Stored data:
------------------------------
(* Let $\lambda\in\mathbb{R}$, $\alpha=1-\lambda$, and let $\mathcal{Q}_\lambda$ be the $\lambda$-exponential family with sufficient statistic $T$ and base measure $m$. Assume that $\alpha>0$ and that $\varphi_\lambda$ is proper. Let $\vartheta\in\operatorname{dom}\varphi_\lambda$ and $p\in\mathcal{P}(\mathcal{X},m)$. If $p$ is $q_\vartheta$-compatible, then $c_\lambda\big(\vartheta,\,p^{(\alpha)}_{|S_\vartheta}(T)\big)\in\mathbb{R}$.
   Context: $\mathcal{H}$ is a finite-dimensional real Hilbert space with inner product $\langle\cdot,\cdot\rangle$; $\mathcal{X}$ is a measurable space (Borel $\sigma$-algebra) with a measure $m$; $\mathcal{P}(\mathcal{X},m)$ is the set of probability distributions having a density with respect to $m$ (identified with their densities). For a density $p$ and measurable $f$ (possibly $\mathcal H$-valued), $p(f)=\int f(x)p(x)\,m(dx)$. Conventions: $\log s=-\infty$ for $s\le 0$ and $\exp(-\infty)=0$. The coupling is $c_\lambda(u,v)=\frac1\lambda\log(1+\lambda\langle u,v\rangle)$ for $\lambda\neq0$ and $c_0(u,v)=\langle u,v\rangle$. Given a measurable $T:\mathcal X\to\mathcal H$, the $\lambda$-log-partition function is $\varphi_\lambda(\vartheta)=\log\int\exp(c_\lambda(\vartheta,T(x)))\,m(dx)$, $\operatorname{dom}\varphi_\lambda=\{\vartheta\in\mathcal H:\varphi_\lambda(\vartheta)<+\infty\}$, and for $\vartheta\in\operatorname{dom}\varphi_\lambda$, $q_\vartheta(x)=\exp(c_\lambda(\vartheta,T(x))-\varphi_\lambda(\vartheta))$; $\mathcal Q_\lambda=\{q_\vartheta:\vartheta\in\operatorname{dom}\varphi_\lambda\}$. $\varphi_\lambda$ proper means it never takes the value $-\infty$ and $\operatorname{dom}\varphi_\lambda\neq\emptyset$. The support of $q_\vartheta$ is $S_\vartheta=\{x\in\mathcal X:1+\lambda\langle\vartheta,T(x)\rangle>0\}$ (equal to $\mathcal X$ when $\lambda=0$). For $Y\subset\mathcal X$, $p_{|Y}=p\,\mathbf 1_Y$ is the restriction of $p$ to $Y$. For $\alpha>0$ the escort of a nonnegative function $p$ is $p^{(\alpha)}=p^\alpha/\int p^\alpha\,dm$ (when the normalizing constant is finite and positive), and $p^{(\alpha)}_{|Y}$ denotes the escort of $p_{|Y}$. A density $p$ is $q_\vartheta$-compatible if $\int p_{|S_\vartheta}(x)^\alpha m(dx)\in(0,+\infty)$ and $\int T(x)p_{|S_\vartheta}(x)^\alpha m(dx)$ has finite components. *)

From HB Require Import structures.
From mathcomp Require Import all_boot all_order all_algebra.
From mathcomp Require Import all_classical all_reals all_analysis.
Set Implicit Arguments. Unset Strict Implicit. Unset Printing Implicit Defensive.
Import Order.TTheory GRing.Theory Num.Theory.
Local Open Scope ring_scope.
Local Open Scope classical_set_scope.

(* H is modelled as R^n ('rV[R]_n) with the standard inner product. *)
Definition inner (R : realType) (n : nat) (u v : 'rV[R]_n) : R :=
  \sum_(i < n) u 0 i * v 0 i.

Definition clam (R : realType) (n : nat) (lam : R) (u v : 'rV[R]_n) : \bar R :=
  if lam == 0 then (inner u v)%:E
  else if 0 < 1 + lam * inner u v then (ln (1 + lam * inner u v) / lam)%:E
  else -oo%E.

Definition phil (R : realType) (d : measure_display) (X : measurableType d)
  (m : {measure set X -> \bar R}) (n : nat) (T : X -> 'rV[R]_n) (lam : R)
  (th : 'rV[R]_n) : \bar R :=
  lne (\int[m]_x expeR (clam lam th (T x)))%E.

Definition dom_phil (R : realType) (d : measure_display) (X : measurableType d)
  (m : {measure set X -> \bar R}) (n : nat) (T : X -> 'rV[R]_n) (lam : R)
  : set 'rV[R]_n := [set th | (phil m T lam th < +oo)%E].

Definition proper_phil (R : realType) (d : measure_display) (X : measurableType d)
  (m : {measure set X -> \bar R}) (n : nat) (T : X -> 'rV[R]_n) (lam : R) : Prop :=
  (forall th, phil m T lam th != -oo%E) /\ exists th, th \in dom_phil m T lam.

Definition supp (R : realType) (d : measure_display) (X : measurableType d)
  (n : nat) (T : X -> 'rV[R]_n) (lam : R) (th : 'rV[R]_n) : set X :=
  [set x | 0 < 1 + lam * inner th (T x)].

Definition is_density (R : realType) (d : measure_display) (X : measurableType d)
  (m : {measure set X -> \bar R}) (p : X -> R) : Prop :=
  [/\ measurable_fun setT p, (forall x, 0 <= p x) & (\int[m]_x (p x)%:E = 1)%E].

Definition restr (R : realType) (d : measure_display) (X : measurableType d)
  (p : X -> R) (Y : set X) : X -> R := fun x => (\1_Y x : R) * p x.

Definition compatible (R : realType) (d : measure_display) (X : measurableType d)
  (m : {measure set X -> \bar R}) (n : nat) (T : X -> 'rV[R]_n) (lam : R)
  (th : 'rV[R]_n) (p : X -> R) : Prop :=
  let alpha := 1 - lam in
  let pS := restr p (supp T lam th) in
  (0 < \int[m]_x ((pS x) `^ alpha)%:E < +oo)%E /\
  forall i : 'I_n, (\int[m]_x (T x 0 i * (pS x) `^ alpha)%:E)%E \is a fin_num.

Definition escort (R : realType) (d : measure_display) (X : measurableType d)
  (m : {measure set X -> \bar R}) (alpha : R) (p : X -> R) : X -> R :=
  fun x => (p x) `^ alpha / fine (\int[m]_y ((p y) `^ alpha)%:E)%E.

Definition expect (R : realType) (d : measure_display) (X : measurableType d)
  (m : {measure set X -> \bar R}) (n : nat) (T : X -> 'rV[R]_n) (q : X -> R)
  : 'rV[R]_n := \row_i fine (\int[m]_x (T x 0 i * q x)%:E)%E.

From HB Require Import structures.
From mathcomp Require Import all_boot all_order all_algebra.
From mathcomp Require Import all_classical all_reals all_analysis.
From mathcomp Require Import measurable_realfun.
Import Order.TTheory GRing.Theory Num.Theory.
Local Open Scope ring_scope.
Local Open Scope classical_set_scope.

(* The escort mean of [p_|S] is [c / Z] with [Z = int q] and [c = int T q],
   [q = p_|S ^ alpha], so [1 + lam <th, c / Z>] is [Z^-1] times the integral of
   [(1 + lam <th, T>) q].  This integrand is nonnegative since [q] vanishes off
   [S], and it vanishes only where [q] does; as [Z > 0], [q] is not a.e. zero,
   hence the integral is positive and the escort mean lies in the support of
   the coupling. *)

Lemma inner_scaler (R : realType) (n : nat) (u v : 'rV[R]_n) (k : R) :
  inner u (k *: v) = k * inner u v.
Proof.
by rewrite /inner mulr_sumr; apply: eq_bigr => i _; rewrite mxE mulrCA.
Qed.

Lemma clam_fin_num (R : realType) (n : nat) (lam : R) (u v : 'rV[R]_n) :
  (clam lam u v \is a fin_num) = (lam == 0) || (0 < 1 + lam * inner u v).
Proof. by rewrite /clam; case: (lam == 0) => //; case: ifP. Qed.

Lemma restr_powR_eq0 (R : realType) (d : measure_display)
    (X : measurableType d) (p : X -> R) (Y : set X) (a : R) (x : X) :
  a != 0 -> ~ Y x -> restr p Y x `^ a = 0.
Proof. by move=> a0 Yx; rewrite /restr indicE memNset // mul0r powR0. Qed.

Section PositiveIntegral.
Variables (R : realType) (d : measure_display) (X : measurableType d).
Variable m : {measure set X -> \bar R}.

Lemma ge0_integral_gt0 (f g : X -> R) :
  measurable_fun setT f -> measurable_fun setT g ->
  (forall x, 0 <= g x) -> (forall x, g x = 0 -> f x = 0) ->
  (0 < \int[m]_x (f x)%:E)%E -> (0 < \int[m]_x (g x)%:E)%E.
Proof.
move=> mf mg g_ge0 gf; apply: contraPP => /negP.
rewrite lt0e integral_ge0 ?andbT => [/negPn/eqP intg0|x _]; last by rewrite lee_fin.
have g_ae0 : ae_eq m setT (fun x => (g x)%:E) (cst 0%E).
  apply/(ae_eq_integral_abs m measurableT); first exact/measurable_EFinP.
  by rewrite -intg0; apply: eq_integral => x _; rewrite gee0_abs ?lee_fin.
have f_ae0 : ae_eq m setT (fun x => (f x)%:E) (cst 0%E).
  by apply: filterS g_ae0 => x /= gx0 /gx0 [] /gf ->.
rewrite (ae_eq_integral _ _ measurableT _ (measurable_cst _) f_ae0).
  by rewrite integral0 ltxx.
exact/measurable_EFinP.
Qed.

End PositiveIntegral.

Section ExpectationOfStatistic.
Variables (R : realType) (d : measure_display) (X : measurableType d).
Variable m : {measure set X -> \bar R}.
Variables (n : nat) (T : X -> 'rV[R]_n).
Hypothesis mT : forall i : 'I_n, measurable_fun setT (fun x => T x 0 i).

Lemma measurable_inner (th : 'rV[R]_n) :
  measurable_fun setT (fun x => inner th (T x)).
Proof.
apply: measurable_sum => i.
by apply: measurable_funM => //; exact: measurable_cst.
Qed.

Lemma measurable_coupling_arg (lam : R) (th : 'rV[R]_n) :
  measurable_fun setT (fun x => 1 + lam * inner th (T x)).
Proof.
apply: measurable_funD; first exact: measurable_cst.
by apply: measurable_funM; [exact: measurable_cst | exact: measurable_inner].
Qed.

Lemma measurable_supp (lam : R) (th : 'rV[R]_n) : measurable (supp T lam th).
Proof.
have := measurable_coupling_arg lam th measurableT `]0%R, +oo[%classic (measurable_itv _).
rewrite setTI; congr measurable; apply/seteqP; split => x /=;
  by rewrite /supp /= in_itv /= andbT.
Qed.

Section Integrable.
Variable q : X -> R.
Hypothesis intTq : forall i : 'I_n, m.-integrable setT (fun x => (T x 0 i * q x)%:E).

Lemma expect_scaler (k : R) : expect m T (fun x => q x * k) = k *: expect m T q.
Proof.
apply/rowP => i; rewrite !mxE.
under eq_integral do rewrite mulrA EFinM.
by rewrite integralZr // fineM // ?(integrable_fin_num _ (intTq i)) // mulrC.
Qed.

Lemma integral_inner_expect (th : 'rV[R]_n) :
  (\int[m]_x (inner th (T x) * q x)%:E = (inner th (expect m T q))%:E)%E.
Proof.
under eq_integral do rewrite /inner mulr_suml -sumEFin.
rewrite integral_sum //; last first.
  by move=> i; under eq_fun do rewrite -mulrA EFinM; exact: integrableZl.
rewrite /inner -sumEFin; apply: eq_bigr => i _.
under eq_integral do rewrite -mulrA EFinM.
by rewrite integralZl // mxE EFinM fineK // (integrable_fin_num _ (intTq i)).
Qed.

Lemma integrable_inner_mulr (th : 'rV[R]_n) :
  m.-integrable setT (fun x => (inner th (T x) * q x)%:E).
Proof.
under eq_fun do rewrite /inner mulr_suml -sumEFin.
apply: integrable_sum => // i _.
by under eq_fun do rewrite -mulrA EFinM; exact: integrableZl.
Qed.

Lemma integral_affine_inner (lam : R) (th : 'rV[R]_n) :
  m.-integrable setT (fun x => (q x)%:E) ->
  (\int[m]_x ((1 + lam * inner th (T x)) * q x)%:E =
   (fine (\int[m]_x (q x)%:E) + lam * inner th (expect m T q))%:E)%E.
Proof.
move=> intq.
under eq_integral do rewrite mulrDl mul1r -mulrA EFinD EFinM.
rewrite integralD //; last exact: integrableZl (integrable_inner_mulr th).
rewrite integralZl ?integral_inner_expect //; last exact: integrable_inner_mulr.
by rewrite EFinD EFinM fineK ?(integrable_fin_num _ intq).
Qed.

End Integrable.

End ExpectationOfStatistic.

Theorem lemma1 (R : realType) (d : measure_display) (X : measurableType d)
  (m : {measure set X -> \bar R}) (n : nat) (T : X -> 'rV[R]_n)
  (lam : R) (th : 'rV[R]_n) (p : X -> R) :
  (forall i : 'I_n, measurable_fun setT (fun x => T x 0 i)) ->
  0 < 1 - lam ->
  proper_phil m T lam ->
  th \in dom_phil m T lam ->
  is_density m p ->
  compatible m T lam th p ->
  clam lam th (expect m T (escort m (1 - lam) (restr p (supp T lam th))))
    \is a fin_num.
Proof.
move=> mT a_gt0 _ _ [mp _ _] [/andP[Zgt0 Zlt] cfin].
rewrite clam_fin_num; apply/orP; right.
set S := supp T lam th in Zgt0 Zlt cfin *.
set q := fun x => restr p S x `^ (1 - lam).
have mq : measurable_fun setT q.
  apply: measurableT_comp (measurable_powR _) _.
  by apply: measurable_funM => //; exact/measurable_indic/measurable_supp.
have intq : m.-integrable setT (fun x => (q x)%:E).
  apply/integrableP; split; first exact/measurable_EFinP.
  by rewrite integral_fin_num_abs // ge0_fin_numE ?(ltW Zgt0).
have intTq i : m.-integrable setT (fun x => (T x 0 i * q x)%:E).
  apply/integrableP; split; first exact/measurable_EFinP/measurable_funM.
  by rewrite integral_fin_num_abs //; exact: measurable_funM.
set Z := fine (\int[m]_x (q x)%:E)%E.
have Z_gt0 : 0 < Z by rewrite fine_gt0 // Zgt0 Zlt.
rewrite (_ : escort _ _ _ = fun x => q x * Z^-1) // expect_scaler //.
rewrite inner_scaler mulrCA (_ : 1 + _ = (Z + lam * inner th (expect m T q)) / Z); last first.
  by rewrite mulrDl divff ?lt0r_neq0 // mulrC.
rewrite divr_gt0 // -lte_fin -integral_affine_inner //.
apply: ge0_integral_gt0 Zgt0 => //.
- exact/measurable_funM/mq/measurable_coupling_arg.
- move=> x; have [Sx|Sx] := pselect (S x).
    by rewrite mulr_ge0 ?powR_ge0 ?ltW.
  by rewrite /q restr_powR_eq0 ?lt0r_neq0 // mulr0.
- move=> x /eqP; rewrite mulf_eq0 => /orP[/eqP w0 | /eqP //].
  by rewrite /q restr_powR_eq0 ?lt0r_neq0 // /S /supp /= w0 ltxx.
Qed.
------------------------------
Return only the lines between the one holding "i * q x)%:E)%E." and the one holding "[S], and it", inclusive, exactly as they appear above.

# RESULT OF THE TASK
  : 'rV[R]_n := \row_i fine (\int[m]_x (T x 0 i * q x)%:E)%E.

From HB Require Import structures.
From mathcomp Require Import all_boot all_order all_algebra.
From mathcomp Require Import all_classical all_reals all_analysis.
From mathcomp Require Import measurable_realfun.
Import Order.TTheory GRing.Theory Num.Theory.
Local Open Scope ring_scope.
Local Open Scope classical_set_scope.

(* The escort mean of [p_|S] is [c / Z] with [Z = int q] and [c = int T q],
   [q = p_|S ^ alpha], so [1 + lam <th, c / Z>] is [Z^-1] times the integral of
   [(1 + lam <th, T>) q].  This integrand is nonnegative since [q] vanishes off
   [S], and it vanishes only where [q] does; as [Z > 0], [q] is not a.e. zero,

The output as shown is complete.